Agreed. Hope it helps you make progress.
Hi @sllynn . No luck unfortunately. I'm just trying to turn a raster into a H3 table. This is my code:
raster_df = (
spark.read
.format("gdal")
.option("raster.read.strategy", "retile_on_read")
.option("sizeInMB", "42")
.load("dbfs:/ghsl/GHS_POP_E2020_GLOBE_R2023A_54009_100_V1_0.tif")
.select(mos.rst_rastertogridavg('tile', F.lit(9)).alias("result"))
.select(F.explode('result'))
.select(F.explode('col').alias('my_array'))
.select(F.col("my_array.cellID").alias("cellID"), F.col("my_array.measure").alias("measure"))
.write.parquet("dbfs:/ghsl/h3/")
)
Error is below:
Could it be because my raster is in CRS 54009 rather than WGS84?
The file is available here if you/anyone wants to try to debug:
https://jeodpp.jrc.ec.europa.eu/ftp/jrc-opendata/GHSL/GHS_POP_GLOBE_R2023A/GHS_POP_E2020_GLOBE_R2023A_54009_100/V1-0/GHS_POP_E2020_GLOBE_R2023A_54009_100_V1_0.zip
I will try to complete the process using a WGS84 version of the file in the meantime ...
Failed again on the WGS84 version of the file.
Just wanted to add that the 'retile on read' option does work.
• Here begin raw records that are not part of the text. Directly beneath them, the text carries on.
(* Let $i\in K$, let $w$ be a strong minuscule element with $\Lambda_w=\Lambda_i$, and let $w=s_{i_1}\cdots s_{i_r}$ be a reduced expression of $w$ (so that $i_r=i$). For each $1\le p\le r-1$ put $u_p:=\#\{p+1\le a\le r\mid i_a\in\operatorname{adj}_s(i_p)\}$. Then $u_p$ is a nonnegative even integer if $i_p=i$, and $u_p$ is a positive odd integer if $i_p\ne i$.
   Context: Let $\mathfrak g$ be a finite-dimensional simple Lie algebra over $\mathbb C$ of type $\mathrm A_n$, $\mathrm B_n$, $\mathrm C_n$ or $\mathrm D_n$, with index set $I=\{1,\dots,n\}$, simple roots $\alpha_i$, simple coroots $\alpha_i^\vee$, Cartan matrix $a_{ij}=\langle\alpha_j,\alpha_i^\vee\rangle$, fundamental weights $\Lambda_i$, integral weights $P=\bigoplus_i\mathbb Z\Lambda_i$, dominant integral weights $P^+=\sum_i\mathbb Z_{\ge0}\Lambda_i$, Weyl group $W$ generated by simple reflections $s_i$. The Dynkin diagrams are labeled as follows: type $\mathrm A_n$: chain $1-2-\cdots-n$; type $\mathrm B_n$: chain $1-2-\cdots-n$ with a double bond between $1$ and $2$, $\alpha_1$ short and $\alpha_2,\dots,\alpha_n$ long; type $\mathrm C_n$: chain $1-2-\cdots-n$ with a double bond between $1$ and $2$, $\alpha_1$ long and $\alpha_2,\dots,\alpha_n$ short; type $\mathrm D_n$: chain $n-(n-1)-\cdots-3$ with node $3$ joined to both nodes $1$ and $2$. Set $K=I$ in types $\mathrm A_n,\mathrm D_n$, $K=\{1\}$ in type $\mathrm B_n$, $K=I\setminus\{1\}$ in type $\mathrm C_n$. For $j\in I$, $\operatorname{adj}_s(j):=\{m\in I\mid a_{jm}=-1\}$. For $\Lambda\in P$, $w\in W$ is $\Lambda$-minuscule if there is a reduced expression $w=s_{i_1}\cdots s_{i_r}$ with $\langle s_{i_{p+1}}\cdots s_{i_r}(\Lambda),\alpha_{i_p}^\vee\rangle=1$ for all $1\le p\le r$ (this then holds for every reduced expression); $w$ is dominant minuscule if it is $\Lambda$-minuscule for some $\Lambda\in P^+$. A dominant minuscule $w$ is strong minuscule if there is a unique $\Lambda\in P^+$, denoted $\Lambda_w$, such that $w$ is $\Lambda$-minuscule. It is known that for a strong minuscule $w$ with $\Lambda_w=\Lambda_i$, every reduced expression of $w$ ends with $s_i$. *)

From mathcomp Require Import all_boot all_order all_algebra.
Set Implicit Arguments. Unset Strict Implicit. Unset Printing Implicit Defensive.
Import GRing.Theory Num.Theory.
Local Open Scope ring_scope.

(* Cartan types; node k : 'I_n (0-based) is the paper's label k+1. *)
Inductive ctype := TA | TB | TC | TD.

Definition valid_rank (X : ctype) (n : nat) : bool :=
  match X with
  | TA => (1 <= n)%N
  | TB | TC => (2 <= n)%N
  | TD => (4 <= n)%N
  end.

(* Cartan matrix a_{ij} = <alpha_j, alpha_i^vee>, in the paper's labelling. *)
Definition cartan (X : ctype) (n : nat) (i j : 'I_n) : int :=
  let a := nat_of_ord i in let b := nat_of_ord j in
  if a == b then 2%:Z else
  match X with
  | TA => if (a == b.+1) || (b == a.+1) then (-1)%R else 0
  | TB => (* alpha_1 short, alpha_2..alpha_n long *)
      if (a == 0%N) && (b == 1%N) then (-2)%R
      else if (a == b.+1) || (b == a.+1) then (-1)%R else 0
  | TC => (* alpha_1 long, alpha_2..alpha_n short *)
      if (a == 1%N) && (b == 0%N) then (-2)%R
      else if (a == b.+1) || (b == a.+1) then (-1)%R else 0
  | TD =>
      if [|| (a == 0%N) && (b == 2%N), (a == 2%N) && (b == 0%N),
             (a == 1%N) && (b == 2%N), (a == 2%N) && (b == 1%N),
             (2 <= a)%N && (b == a.+1) | (2 <= b)%N && (a == b.+1)]
      then (-1)%R else 0
  end.

Definition inK (X : ctype) (n : nat) (i : 'I_n) : bool :=
  match X with
  | TA | TD => true
  | TB => nat_of_ord i == 0%N
  | TC => nat_of_ord i != 0%N
  end.

Definition adjs (X : ctype) (n : nat) (j m : 'I_n) : bool :=
  cartan X j m == (-1)%R.

(* Integral weights, in the basis of fundamental weights:
   lam k = <lam, alpha_k^vee>. *)
Definition weight (n : nat) := 'I_n -> int.

Definition fund (n : nat) (i : 'I_n) : weight n :=
  fun k => if k == i then 1 else 0.

Definition dominant (n : nat) (lam : weight n) : Prop := forall k, 0 <= lam k.

(* simple reflection: s_j(lam) = lam - <lam,alpha_j^vee> alpha_j,
   and <alpha_j, alpha_k^vee> = a_{kj} *)
Definition sref (X : ctype) (n : nat) (j : 'I_n) (lam : weight n) : weight n :=
  fun k => lam k - lam j * cartan X k j.

(* word [:: i_1; ...; i_r] acts as s_{i_1} ... s_{i_r} *)
Definition wact (X : ctype) (n : nat) (s : seq 'I_n) (lam : weight n) : weight n :=
  foldr (@sref X n) lam s.

(* two words define the same element of W (W acts faithfully on P (x) R) *)
Definition weq (X : ctype) (n : nat) (s t : seq 'I_n) : Prop :=
  forall lam k, wact X s lam k = wact X t lam k.

Definition reduced (X : ctype) (n : nat) (s : seq 'I_n) : Prop :=
  forall t, weq X s t -> (size s <= size t)%N.

Definition minuscule_word (X : ctype) (n : nat) (lam : weight n) (s : seq 'I_n) : Prop :=
  forall p, (p < size s)%N ->
    forall j0, wact X (drop p.+1 s) lam (nth j0 s p) = 1.

Definition minuscule (X : ctype) (n : nat) (lam : weight n) (s : seq 'I_n) : Prop :=
  exists t, [/\ weq X s t, reduced X t & minuscule_word X lam t].

Definition dominant_minuscule (X : ctype) (n : nat) (s : seq 'I_n) : Prop :=
  exists lam, dominant lam /\ minuscule X lam s.

Definition strong_minuscule (X : ctype) (n : nat) (s : seq 'I_n) : Prop :=
  dominant_minuscule X s /\
  forall lam mu : weight n, dominant lam -> minuscule X lam s ->
    dominant mu -> minuscule X mu s -> forall k, lam k = mu k.

Definition Lambda_w_is (X : ctype) (n : nat) (s : seq 'I_n) (lam : weight n) : Prop :=
  [/\ strong_minuscule X s, dominant lam & minuscule X lam s].

(* u_p (0-based p, i.e. paper's p+1) for the word s *)
Definition u_count (X : ctype) (n : nat) (s : seq 'I_n) (j0 : 'I_n) (p : nat) : nat :=
  count (adjs X (nth j0 s p)) (drop p.+1 s).

From mathcomp Require Import all_boot all_order all_algebra.
From mathcomp Require Import zify ring.
From Stdlib Require Import Classical FunctionalExtensionality.
Set Implicit Arguments. Unset Strict Implicit. Unset Printing Implicit Defensive.
Import Order.TTheory GRing.Theory Num.Theory.

(* For a reduced word i_1 ... i_r of w, the coroots
   gamma_p = s_{i_r} ... s_{i_(p+1)} alpha_{i_p}^v are exactly the positive
   coroots that w makes negative, so they depend on w and not on the word.  The
   minuscule condition <Lambda, gamma_p> = 1 therefore passes from the reduced
   word given by the hypothesis to s.  Along s it telescopes to
   <Lambda_i, alpha_j^v> - sum_(a > p) a_(j i_a) = 1 with j = i_p, and since
   a_(j m) lies in {2, 0, -1, -2} this says u_p = 1 - delta_(i j) (mod 2).
   Positivity of gamma_p is the key theorem of Humphreys (Reflection Groups and
   Coxeter Groups, 5.4), proved by induction through rank-two parabolic
   factors; the exchange step uses that lengths of equal elements have equal
   parity, which follows from det s_j = -1. *)

Lemma ex_argmin (A : Type) (P : A -> Prop) (f : A -> nat) :
  (exists a, P a) -> exists a, P a /\ forall b, P b -> (f a <= f b)%N.
Proof.
case=> a Pa; move: {2}(f a) (leqnn (f a)) => N; elim: N a Pa => [|N IH] a Pa leN.
  by exists a; split=> // b _; move: leN; rewrite leqn0 => /eqP ->.
have [[b [Pb ltba]]|min_a] := classic (exists b, P b /\ (f b < f a)%N).
  by apply: (IH b Pb); rewrite -ltnS (leq_trans ltba).
by exists a; split=> // b Pb; rewrite leqNgt; apply/negP => ltba; apply: min_a; exists b.
Qed.

Lemma discrete_ivt (Q : nat -> Prop) N : Q N -> ~ Q 0%N ->
  exists q, [/\ (q < N)%N, Q q.+1 & ~ Q q].
Proof.
elim: N => [//|N IH] QN notQ0.
have [QN'|notQN] := classic (Q N); last by exists N.
by have [q [ltqN Qq1 notQq]] := IH QN' notQ0; exists q; split; rewrite // ltnS ltnW.
Qed.

Section WeylGroupWords.
Variables (X : ctype) (n : nat).
Local Open Scope ring_scope.
Local Notation word := (seq 'I_n).
Local Notation C := (cartan X).
Local Notation wact := (@wact X n).
Implicit Types (s t u v x : word) (l mu : weight n).

Lemma cartan_diag (j : 'I_n) : C j j = 2.
Proof. by rewrite /cartan eqxx. Qed.

Lemma srefK (j : 'I_n) : involutive (sref X j).
Proof.
by move=> l; apply: functional_extensionality => k; rewrite /sref cartan_diag; ring.
Qed.

Lemma wact_cat u v l : wact (u ++ v) l = wact u (wact v l).
Proof. exact: foldr_cat. Qed.

Lemma wact_revK u : cancel (wact (rev u)) (wact u).
Proof.
elim: u => [//|j u IH] l.
by rewrite rev_cons -cats1 wact_cat [wact (j :: u) _]/= IH srefK.
Qed.

Lemma wact_Krev u : cancel (wact u) (wact (rev u)).
Proof. by move=> l; rewrite -{2}(revK u) wact_revK. Qed.

Lemma weqP s t : weq X s t <-> wact s =1 wact t.
Proof.
split=> [st l|st l k]; last by rewrite st.
by apply: functional_extensionality; apply: st.
Qed.

Lemma weq_refl s : weq X s s.
Proof. by []. Qed.

Lemma weq_sym s t : weq X s t -> weq X t s.
Proof. by move=> st l k; rewrite st. Qed.

Lemma weq_trans s t u : weq X s t -> weq X t u -> weq X s u.
Proof. by move=> st tu l k; rewrite st tu. Qed.

Lemma weq_cat s1 s2 t1 t2 : weq X s1 t1 -> weq X s2 t2 -> weq X (s1 ++ s2) (t1 ++ t2).
Proof. by move=> /weqP st1 /weqP st2; apply/weqP => l; rewrite !wact_cat st1 st2. Qed.

Lemma weq_rev s t : weq X s t -> weq X (rev s) (rev t).
Proof. by move/weqP=> st; apply/weqP=> l; rewrite -{1}(wact_revK t l) -st wact_Krev. Qed.

Lemma weq_cons_move (j : 'I_n) s t : weq X (j :: s) t -> weq X s (j :: t).
Proof. by move/weqP=> st; apply/weqP=> l; rewrite /= -st /= srefK. Qed.

Lemma weq_cons_cons (j : 'I_n) s : weq X (j :: j :: s) s.
Proof. by apply/weqP => l; rewrite /= srefK. Qed.

Lemma reduced_catl u v : reduced X (u ++ v) -> reduced X u.
Proof.
by move=> uv t ut; have := uv (t ++ v) (weq_cat ut (weq_refl v)); rewrite !size_cat leq_add2r.
Qed.

Lemma reduced_catr u v : reduced X (u ++ v) -> reduced X v.
Proof.
by move=> uv t vt; have := uv (u ++ t) (weq_cat (weq_refl u) vt); rewrite !size_cat leq_add2l.
Qed.

Lemma reduced_rev u : reduced X u -> reduced X (rev u).
Proof.
move=> red_u t ut; rewrite size_rev -(size_rev t); apply: red_u.
by rewrite -[u]revK; apply: weq_rev.
Qed.

Lemma weq_reduced s t : reduced X s -> weq X s t -> (size t <= size s)%N -> reduced X t.
Proof. by move=> red_s st ts t' tt'; apply: leq_trans ts (red_s _ (weq_trans st tt')). Qed.

Lemma reduced_weq_size s t : reduced X s -> reduced X t -> weq X s t -> size s = size t.
Proof. by move=> red_s red_t st; apply/eqP; rewrite eqn_leq red_s // red_t // weq_sym. Qed.

Lemma not_reduced_shorter s : ~ reduced X s -> exists t, weq X s t /\ (size t < size s)%N.
Proof.
move=> nred; apply: NNPP => no_shorter; apply: nred => t st.
by rewrite leqNgt; apply/negP => ts; apply: no_shorter; exists t.
Qed.

Lemma exists_reduced u : exists v, weq X u v /\ reduced X v.
Proof.
have [v [uv min_v]] := ex_argmin size (ex_intro (weq X u) u (weq_refl u)).
by exists v; split=> // t vt; apply: min_v; apply: weq_trans vt.
Qed.

Lemma not_reduced_cons_cons (j : 'I_n) s : ~ reduced X (j :: j :: s).
Proof. by move/(_ s (weq_cons_cons j s)); rewrite /= ltnNge leqnSn. Qed.

(** * Matrices of words and parity of length *)

Lemma sum_fund (k : 'I_n) (f : 'I_n -> int) : \sum_m fund m k * f m = f k.
Proof.
rewrite (bigD1 k) //= big1 ?addr0 => [|m /negPf mk]; first by rewrite /fund eqxx mul1r.
by rewrite /fund eq_sym mk mul0r.
Qed.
It was the next stage of my code (converting to H3) that is causing the crash.
I should add that the retile on read is very slow. I find myself wondering why it is physically re-writing our smaller files. Why not just leverage VRTs?
@JimShady we are giving attention to "raster_to_grid" in #556 which gets into retile, will come with 0.4.2 in about a week.
We got 0.4.2 out, but it didn't include the raster_to_grid and similar work involving tessellate performance. We had to streamline it due to a dependency issue that arose from latest geopandas, see docs. So, 0.4.3 coming soon with more "in-flight" work.